◆ TASK PROMPT ◆
Look through the listing below, and wherever a line has the string "mathcomp", copy it.

◆ DATA UNDER STUDY ◆

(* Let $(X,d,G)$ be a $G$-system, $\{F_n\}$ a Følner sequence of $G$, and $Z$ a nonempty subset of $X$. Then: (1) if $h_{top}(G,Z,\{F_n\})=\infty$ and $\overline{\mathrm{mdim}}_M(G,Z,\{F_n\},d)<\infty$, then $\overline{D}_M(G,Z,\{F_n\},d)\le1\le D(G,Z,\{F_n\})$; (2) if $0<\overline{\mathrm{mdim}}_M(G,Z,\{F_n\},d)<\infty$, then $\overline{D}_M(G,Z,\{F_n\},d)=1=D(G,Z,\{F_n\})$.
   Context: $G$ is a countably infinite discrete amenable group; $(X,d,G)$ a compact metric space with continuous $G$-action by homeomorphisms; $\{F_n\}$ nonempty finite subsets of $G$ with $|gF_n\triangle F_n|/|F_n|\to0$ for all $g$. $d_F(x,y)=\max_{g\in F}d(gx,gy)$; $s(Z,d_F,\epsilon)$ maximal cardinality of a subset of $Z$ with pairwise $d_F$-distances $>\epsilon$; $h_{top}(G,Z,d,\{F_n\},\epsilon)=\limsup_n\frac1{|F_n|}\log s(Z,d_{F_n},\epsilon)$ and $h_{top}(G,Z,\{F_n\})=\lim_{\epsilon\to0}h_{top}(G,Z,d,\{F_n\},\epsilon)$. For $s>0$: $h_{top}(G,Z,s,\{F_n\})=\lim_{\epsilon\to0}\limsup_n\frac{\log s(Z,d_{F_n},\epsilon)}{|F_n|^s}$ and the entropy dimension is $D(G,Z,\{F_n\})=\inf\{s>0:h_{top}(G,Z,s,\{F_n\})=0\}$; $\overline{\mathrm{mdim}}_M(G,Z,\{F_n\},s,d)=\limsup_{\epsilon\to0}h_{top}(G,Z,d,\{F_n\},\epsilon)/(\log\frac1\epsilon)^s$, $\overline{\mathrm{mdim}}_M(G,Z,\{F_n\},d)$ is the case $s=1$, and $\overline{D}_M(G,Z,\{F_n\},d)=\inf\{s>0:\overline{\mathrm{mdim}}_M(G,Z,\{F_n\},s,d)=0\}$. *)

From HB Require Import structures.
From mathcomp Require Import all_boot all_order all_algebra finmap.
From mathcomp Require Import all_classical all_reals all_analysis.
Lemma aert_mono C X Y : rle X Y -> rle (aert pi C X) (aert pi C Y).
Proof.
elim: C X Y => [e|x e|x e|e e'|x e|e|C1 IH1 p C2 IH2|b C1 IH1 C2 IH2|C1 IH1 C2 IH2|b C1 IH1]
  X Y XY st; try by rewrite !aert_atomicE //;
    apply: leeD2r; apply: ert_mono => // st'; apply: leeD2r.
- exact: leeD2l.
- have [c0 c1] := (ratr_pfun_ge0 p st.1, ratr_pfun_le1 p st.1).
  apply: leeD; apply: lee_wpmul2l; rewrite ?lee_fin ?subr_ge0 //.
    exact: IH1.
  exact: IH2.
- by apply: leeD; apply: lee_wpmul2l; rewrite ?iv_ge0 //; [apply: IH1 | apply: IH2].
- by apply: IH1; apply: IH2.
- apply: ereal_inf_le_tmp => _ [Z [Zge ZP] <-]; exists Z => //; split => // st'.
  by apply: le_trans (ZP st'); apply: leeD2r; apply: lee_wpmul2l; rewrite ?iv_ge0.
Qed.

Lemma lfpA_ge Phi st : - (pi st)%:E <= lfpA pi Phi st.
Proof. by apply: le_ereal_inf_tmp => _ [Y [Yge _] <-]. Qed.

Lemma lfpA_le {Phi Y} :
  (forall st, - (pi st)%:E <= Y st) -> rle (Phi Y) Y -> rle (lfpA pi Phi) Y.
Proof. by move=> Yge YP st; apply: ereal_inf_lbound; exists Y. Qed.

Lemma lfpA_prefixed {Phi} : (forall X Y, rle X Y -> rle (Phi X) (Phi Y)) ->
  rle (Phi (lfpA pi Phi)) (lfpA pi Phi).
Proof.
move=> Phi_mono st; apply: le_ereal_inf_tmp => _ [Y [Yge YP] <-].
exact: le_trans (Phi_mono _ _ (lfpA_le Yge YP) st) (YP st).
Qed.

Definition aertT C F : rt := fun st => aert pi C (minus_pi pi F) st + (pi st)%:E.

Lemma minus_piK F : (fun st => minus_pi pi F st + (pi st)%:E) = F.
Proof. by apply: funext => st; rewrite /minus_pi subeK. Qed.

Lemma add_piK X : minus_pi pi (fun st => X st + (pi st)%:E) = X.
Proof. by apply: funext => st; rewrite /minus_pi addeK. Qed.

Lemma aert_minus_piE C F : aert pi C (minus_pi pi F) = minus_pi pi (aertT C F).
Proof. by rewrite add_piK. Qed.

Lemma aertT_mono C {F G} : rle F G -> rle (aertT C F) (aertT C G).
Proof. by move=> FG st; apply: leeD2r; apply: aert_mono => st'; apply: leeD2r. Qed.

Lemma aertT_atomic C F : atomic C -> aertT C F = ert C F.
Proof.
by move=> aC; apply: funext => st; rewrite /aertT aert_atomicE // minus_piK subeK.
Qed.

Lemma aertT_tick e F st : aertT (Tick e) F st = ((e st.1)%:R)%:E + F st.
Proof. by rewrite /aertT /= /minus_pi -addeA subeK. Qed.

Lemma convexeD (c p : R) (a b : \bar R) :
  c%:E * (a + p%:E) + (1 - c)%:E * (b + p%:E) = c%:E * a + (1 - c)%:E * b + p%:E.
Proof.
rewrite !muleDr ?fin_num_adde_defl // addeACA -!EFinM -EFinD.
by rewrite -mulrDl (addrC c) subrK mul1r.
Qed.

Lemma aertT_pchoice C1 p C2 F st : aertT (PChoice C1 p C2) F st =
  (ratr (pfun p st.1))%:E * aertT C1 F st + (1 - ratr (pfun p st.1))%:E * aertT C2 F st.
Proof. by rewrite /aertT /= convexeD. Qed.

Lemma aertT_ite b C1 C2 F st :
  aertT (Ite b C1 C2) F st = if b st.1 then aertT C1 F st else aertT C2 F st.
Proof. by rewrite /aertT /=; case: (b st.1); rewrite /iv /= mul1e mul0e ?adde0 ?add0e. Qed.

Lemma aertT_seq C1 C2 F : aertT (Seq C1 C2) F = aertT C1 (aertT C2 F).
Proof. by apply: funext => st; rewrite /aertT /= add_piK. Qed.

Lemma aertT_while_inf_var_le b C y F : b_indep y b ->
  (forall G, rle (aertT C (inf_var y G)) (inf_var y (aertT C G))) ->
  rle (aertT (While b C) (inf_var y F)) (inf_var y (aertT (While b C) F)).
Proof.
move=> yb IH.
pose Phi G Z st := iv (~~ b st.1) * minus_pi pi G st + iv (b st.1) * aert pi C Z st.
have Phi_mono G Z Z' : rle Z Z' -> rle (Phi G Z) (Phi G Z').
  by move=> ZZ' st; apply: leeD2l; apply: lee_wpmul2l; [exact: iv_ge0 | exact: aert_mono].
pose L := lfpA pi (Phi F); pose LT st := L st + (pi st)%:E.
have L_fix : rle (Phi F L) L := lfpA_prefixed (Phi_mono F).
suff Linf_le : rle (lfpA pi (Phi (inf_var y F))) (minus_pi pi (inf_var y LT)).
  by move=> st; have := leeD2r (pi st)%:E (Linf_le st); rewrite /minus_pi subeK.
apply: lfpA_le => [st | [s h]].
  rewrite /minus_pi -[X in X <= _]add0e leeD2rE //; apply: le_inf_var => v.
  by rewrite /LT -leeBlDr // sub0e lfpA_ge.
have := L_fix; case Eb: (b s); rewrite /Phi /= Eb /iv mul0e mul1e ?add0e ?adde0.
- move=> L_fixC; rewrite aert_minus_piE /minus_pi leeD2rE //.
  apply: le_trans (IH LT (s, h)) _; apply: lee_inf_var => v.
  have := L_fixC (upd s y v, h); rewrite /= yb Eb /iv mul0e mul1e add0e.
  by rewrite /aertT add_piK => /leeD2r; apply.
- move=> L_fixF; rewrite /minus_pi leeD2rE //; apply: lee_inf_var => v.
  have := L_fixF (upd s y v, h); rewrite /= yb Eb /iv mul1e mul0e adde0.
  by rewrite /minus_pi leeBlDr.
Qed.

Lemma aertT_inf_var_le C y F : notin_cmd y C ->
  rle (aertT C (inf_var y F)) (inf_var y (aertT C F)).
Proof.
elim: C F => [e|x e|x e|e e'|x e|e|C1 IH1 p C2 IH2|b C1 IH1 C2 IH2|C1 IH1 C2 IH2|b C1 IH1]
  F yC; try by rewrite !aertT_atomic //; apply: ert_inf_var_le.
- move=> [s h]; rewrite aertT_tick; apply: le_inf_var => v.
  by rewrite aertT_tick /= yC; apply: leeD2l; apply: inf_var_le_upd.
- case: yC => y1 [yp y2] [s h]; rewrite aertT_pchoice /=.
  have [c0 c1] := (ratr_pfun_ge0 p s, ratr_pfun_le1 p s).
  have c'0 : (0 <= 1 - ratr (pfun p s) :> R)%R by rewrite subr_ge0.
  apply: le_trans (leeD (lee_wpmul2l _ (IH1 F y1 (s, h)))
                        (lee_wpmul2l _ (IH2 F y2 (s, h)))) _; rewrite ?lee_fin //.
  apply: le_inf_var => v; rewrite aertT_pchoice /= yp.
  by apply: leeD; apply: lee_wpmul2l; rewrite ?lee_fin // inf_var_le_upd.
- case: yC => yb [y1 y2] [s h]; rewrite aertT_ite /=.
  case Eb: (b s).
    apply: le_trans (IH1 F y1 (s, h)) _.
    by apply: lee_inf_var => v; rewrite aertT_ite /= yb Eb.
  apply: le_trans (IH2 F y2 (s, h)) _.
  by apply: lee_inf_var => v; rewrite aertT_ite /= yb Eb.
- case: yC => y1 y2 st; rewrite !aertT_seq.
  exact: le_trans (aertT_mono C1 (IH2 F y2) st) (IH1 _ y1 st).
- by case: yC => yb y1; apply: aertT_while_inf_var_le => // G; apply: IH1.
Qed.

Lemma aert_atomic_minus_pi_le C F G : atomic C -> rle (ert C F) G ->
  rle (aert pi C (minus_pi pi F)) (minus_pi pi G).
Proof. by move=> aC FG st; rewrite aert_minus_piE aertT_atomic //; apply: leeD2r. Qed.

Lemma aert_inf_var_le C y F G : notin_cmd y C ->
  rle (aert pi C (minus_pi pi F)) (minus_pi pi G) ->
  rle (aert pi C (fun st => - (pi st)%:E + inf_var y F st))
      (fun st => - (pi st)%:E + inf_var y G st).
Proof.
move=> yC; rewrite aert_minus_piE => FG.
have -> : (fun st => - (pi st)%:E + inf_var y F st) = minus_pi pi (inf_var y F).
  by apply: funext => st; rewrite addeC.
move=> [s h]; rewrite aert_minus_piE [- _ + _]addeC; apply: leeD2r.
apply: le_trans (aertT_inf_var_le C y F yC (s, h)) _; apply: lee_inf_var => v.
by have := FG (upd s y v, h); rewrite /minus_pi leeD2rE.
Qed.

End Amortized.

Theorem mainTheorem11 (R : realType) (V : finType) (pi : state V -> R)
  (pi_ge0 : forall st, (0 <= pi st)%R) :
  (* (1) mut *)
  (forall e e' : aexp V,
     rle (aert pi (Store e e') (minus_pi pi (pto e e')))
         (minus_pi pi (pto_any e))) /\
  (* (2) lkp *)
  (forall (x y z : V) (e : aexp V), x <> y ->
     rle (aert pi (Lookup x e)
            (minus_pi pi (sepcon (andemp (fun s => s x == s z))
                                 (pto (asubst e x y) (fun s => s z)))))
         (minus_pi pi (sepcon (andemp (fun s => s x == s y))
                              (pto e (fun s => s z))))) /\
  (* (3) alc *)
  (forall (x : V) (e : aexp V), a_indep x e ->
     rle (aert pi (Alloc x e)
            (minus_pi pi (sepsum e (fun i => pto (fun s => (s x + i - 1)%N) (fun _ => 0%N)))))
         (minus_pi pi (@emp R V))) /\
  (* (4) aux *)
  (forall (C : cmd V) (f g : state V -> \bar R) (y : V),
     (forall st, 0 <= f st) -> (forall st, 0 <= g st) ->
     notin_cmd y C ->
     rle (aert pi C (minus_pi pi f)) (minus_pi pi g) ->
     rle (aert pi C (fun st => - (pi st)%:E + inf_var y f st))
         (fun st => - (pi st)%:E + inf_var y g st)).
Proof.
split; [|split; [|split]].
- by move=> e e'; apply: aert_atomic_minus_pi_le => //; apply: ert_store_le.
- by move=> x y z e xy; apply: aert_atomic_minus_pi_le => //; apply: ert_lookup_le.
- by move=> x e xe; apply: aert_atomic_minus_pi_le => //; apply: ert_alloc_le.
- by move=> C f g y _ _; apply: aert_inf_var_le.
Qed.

◆ RESPONSE TO THIS EXERCISE ◆
From mathcomp Require Import all_boot all_order all_algebra finmap.
From mathcomp Require Import all_classical all_reals all_analysis.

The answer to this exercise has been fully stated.